Incidentally, I must state another connection between ASRL
and the events of that tragic day – this time more immediate and heroic
(and within my right to say, even as a spouse to the main actor, because
my role has been largely limited to observation and advocacy, rather than
to action, and I cannot be accused of personal bragging). Rhonda Shearer
and her daughter London Allen, realizing that her studio space lay less
than a mile north of Ground Zero, converted this ground-floor and high-ceilinged
room into a supply depot for storing and bringing needed safety equipment
to rescue workers at Ground Zero (and the Fresh Kills landfill site, where
the wreckage is brought and further searched for human remains). Rhonda
and London have been working nearly fulltime on this effort since then,
often with the help of ASRL personnel, including the compilers and editors
of Tout-Fait (see their website at http://www.wtcgroundzerorelief.org).
They have masterfully weaved in and around an incredible maze of inefficiency
(and downright nastiness) in official city supply chains that seem unable
to get equipment to the site themselves. So our ASRL cadre has driven
trucks, night after night, right down past the Woolworth Building to Ground
Zero, delivering the needed supplies into the hands of the workers themselves.
(The following is a reprint of Stephen Jay Gould's "Restoration
and the Woolworth Building," in: Natural History 110, 10A (Winter 2001/2002),
pp. 96-97)
Restoration and the Woolworth Building
by Stephen Jay Gould
The astronomical motto of New York State—excelsior
(literally “higher,” or, more figuratively, “ever upward”)—embodies both
the dream and the danger of human achievement in its ambiguous message.
In the promise of the dream, we strive to exceed our previous best as
we reach upward, literally to the stars, and ethically to knowledge and
the pursuit of happiness. In the warnings of danger, any narrowly focused
and linear goal can drift, especially when our moral compass fails, into
the zealotry of “true belief,” and thence to an outright fanaticism that
brooks no opposition.
As a naturalist by profession, and a humanist at heart,
I have long believed that wisdom dictates an optimal strategy for proper
steering towards the dream and away from the danger: as you reach upward,
always festoon the structure of your instrument (whether conceptual or
technological) with the rich quirks and contradictions, the foibles and
tiny gleamings, of human and natural diversity—for abstract zealotry can
never defeat a great dream anchored in the concrete of human warmth and
laughter.
For all my conscious life, I have held one object close
to my heart as both the abstract symbol and actual incarnation of this
great duality: upward thrust tempered by frailty, diversity and contradiction.

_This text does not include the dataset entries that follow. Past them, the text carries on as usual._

Lemma StronglySorted_seq (s k : nat) : StronglySorted lt (seq s k).
Proof.
  revert s; induction k as [|k IH]; intros s; simpl; constructor; auto.
  apply Forall_forall; intros x Hx; apply in_seq in Hx; lia.
Qed.

Lemma leaves_sorted_App (a b : term) :
  leaves_sorted (App a b) ->
  leaves_sorted a /\ leaves_sorted b /\
  (forall x y, In x (leaves a) -> In y (leaves b) -> x < y).
Proof. apply StronglySorted_app_inv. Qed.

Lemma leaves_leftmost (t : term) : exists r, leaves t = leftmost t :: r.
Proof.
  induction t as [i | a [r Hr] b _]; simpl; [eexists; reflexivity |].
  rewrite Hr; eexists; reflexivity.
Qed.

Lemma leftmost_in_leaves (t : term) : In (leftmost t) (leaves t).
Proof. destruct (leaves_leftmost t) as [r ->]; left; reflexivity. Qed.

Lemma tedges_in_leaves (t : term) (i j : nat) :
  In (i, j) (tedges t) -> In i (leaves t) /\ In j (leaves t).
Proof.
  induction t as [k | a IHa b IHb]; simpl; [intros [] |].
  intros [H | H].
  - injection H as <- <-.
    split; apply in_or_app; [left | right]; apply leftmost_in_leaves.
  - apply in_app_or in H as [H | H]; [destruct (IHa H) | destruct (IHb H)];
      split; apply in_or_app; auto.
Qed.

Lemma leftmost_le (t : term) (x : nat) :
  leaves_sorted t -> In x (leaves t) -> leftmost t <= x.
Proof.
  induction t as [i | a IHa b IHb]; simpl; intros Hs Hx.
  - destruct Hx as [-> | []]; lia.
  - destruct (leaves_sorted_App _ _ Hs) as [Ha [Hb Hab]].
    apply in_app_or in Hx as [Hx | Hx]; auto.
    specialize (Hab _ _ (leftmost_in_leaves a) Hx); lia.
Qed.

Lemma tedges_lt (t : term) (i j : nat) :
  leaves_sorted t -> In (i, j) (tedges t) -> i < j.
Proof.
  induction t as [k | a IHa b IHb]; simpl; [intros _ [] |].
  intros Hs H; destruct (leaves_sorted_App _ _ Hs) as [Ha [Hb Hab]].
  destruct H as [H | H].
  - injection H as <- <-; apply Hab; apply leftmost_in_leaves.
  - apply in_app_or in H as [H | H]; auto.
Qed.

Lemma tedges_parent_unique (t : term) (i i' j : nat) :
  leaves_sorted t -> In (i, j) (tedges t) -> In (i', j) (tedges t) -> i = i'.
Proof.
  induction t as [k | a IHa b IHb]; simpl; [intros _ [] |].
  intros Hs H H'; destruct (leaves_sorted_App _ _ Hs) as [Ha [Hb Hab]].
  assert (Hroot : forall k, ~ In (k, leftmost b) (tedges a ++ tedges b)).
  { intros k Hk; apply in_app_or in Hk as [Hk | Hk].
    - pose proof (Hab _ _ (proj2 (tedges_in_leaves _ _ _ Hk)) (leftmost_in_leaves b)); lia.
    - pose proof (tedges_lt _ _ _ Hb Hk).
      pose proof (leftmost_le b k Hb (proj1 (tedges_in_leaves _ _ _ Hk))); lia. }
  destruct H as [H | H]; destruct H' as [H' | H'].
  - congruence.
  - injection H as <- <-; contradiction (Hroot _ H').
  - injection H' as <- <-; contradiction (Hroot _ H).
  - apply in_app_or in H as [H | H]; apply in_app_or in H' as [H' | H']; auto.
    + pose proof (Hab j j (proj2 (tedges_in_leaves _ _ _ H)) (proj2 (tedges_in_leaves _ _ _ H'))).
      lia.
    + pose proof (Hab j j (proj2 (tedges_in_leaves _ _ _ H')) (proj2 (tedges_in_leaves _ _ _ H))).
      lia.
Qed.

Lemma depth_leftmost (t : term) : depth t (leftmost t) = 0.
Proof.
  induction t as [i | a IHa b _]; simpl; auto.
  destruct (in_dec Nat.eq_dec (leftmost a) (leaves a)) as [_ | H]; auto.
  contradiction (H (leftmost_in_leaves a)).
Qed.

Lemma depth_tedge (t : term) (i j : nat) :
  leaves_sorted t -> In (i, j) (tedges t) -> depth t j = S (depth t i).
Proof.
  induction t as [k | a IHa b IHb]; simpl; [intros _ [] |].
  intros Hs H; destruct (leaves_sorted_App _ _ Hs) as [Ha [Hb Hab]].
  destruct H as [H | H].
  - injection H as <- <-.
    destruct (in_dec Nat.eq_dec (leftmost b) (leaves a)) as [Hin | _].
    { specialize (Hab _ _ Hin (leftmost_in_leaves b)); lia. }
    destruct (in_dec Nat.eq_dec (leftmost a) (leaves a)) as [_ | Hnin].
    + rewrite !depth_leftmost; reflexivity.
    + contradiction (Hnin (leftmost_in_leaves a)).
  - apply in_app_or in H as [H | H]; destruct (tedges_in_leaves _ _ _ H) as [Hi' Hj'].
    + destruct (in_dec Nat.eq_dec j (leaves a)); [| contradiction].
      destruct (in_dec Nat.eq_dec i (leaves a)); [auto | contradiction].
    + destruct (in_dec Nat.eq_dec j (leaves a)) as [Hja | _].
      { specialize (Hab _ _ Hja Hj'); lia. }
      destruct (in_dec Nat.eq_dec i (leaves a)) as [Hia | _].
      { specialize (Hab _ _ Hia Hi'); lia. }
      rewrite (IHb Hb H); reflexivity.
Qed.

Lemma twalk_depth (t : term) (y z k : nat) :
  leaves_sorted t -> twalk t y z k -> depth t z = depth t y + k.
Proof.
  intros Hs H; induction H as [x | x y z k Hxy _ IH]; [lia |].
  rewrite IH, (depth_tedge _ _ _ Hs Hxy); lia.
Qed.

Lemma twalk_le (t : term) (y z k : nat) : leaves_sorted t -> twalk t y z k -> y <= z.
Proof.
  intros Hs H; induction H as [x | x y z k Hxy _ IH]; [lia |].
  pose proof (tedges_lt _ _ _ Hs Hxy); lia.
Qed.

Lemma twalk_lt (t : term) (y z k : nat) :
  leaves_sorted t -> 0 < k -> twalk t y z k -> y < z.
Proof.
  intros Hs Hk H; destruct H as [x | x y z k Hxy Hyz]; [lia |].
  pose proof (tedges_lt _ _ _ Hs Hxy); pose proof (twalk_le _ _ _ _ Hs Hyz); lia.
Qed.

Lemma twalk_snoc (t : term) (x y z k : nat) :
  twalk t x y k -> In (y, z) (tedges t) -> twalk t x z (S k).
Proof.
  intros H; induction H; intros; econstructor; eauto; constructor.
Qed.

Lemma twalk_unsnoc (t : term) (k : nat) : forall x z, twalk t x z (S k) ->
  exists y, twalk t x y k /\ In (y, z) (tedges t).
Proof.
  induction k as [|k IH]; intros x z H; inversion H as [| ? y ? ? Hxy Hyz]; subst.
  - inversion Hyz; subst; exists x; split; [constructor | assumption].
  - destruct (IH _ _ Hyz) as [y' [W Hy'z]].
    exists y'; split; [econstructor; eauto | auto].
Qed.

Lemma twalk_add_inv (t : term) (k1 : nat) : forall k2 x z, twalk t x z (k1 + k2) ->
  exists y, twalk t x y k1 /\ twalk t y z k2.
Proof.
  induction k1 as [|k1 IH]; simpl; intros k2 x z H.
  - exists x; split; [constructor | assumption].
  - inversion H as [| ? y ? ? Hxy Hyz]; subst.
    destruct (IH _ _ _ Hyz) as [y' [W1 W2]].
    exists y'; split; [econstructor; eauto | auto].
Qed.

Lemma twalk_incl (a t : term) (y z k : nat) :
  incl (tedges a) (tedges t) -> twalk a y z k -> twalk t y z k.
Proof. intros Hincl H; induction H; econstructor; eauto. Qed.

Lemma twalk_leaves (t : term) (y z k : nat) :
  twalk t y z k -> In y (leaves t) -> In z (leaves t).
Proof.
  intros H; induction H as [| x y z k Hxy _ IH]; auto.
  intros _; apply IH, (tedges_in_leaves _ _ _ Hxy).
Qed.

Lemma twalk_root_depth (t : term) (x : nat) :
  In x (leaves t) -> twalk t (leftmost t) x (depth t x).
Proof.
  induction t as [i | a IHa b IHb]; simpl; intros Hx.
  - destruct Hx as [-> | []]; constructor.
  - destruct (in_dec Nat.eq_dec x (leaves a)) as [Hxa | Hxa].
    + apply (twalk_incl a); [intros e He; right; apply in_or_app; auto | auto].
    + apply in_app_or in Hx as [Hx | Hx]; [contradiction |].
      econstructor; [left; reflexivity |].
      apply (twalk_incl b); [intros e He; right; apply in_or_app; auto | auto].
Qed.

Lemma is_depth_iff (t : term) (x d : nat) :
  leaves_sorted t -> is_depth t x d <-> In x (leaves t) /\ d = depth t x.
Proof.
  intros Hs; split.
  - intros [W _]; split.
    + exact (twalk_leaves _ _ _ _ W (leftmost_in_leaves t)).
    + rewrite (twalk_depth _ _ _ _ Hs W), depth_leftmost; reflexivity.
  - intros [Hx ->]; split; [apply twalk_root_depth; auto |].
    intros d' W; rewrite (twalk_depth _ _ _ _ Hs W), depth_leftmost; lia.
Qed.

Let me then confess my enduring love affair with a skyscraper: the Woolworth
Building, world’s tallest at 792 feet, from its opening in 1913 until
its overtopping by the Chrysler Building (another favorite) in 1929. This
gorgeous pinnacle on Lower Broadway—set between the Tweed Courthouse to
the east (a low artifact of human rapacity) and, until the tragedy of
September 11, the Twin Towers to the west (a high artifact of excelsior
in all senses)— represents the acme in seamless and utterly harmonious
blending of these two components that must unite to achieve the dream,
but that seem so inherently unmixable.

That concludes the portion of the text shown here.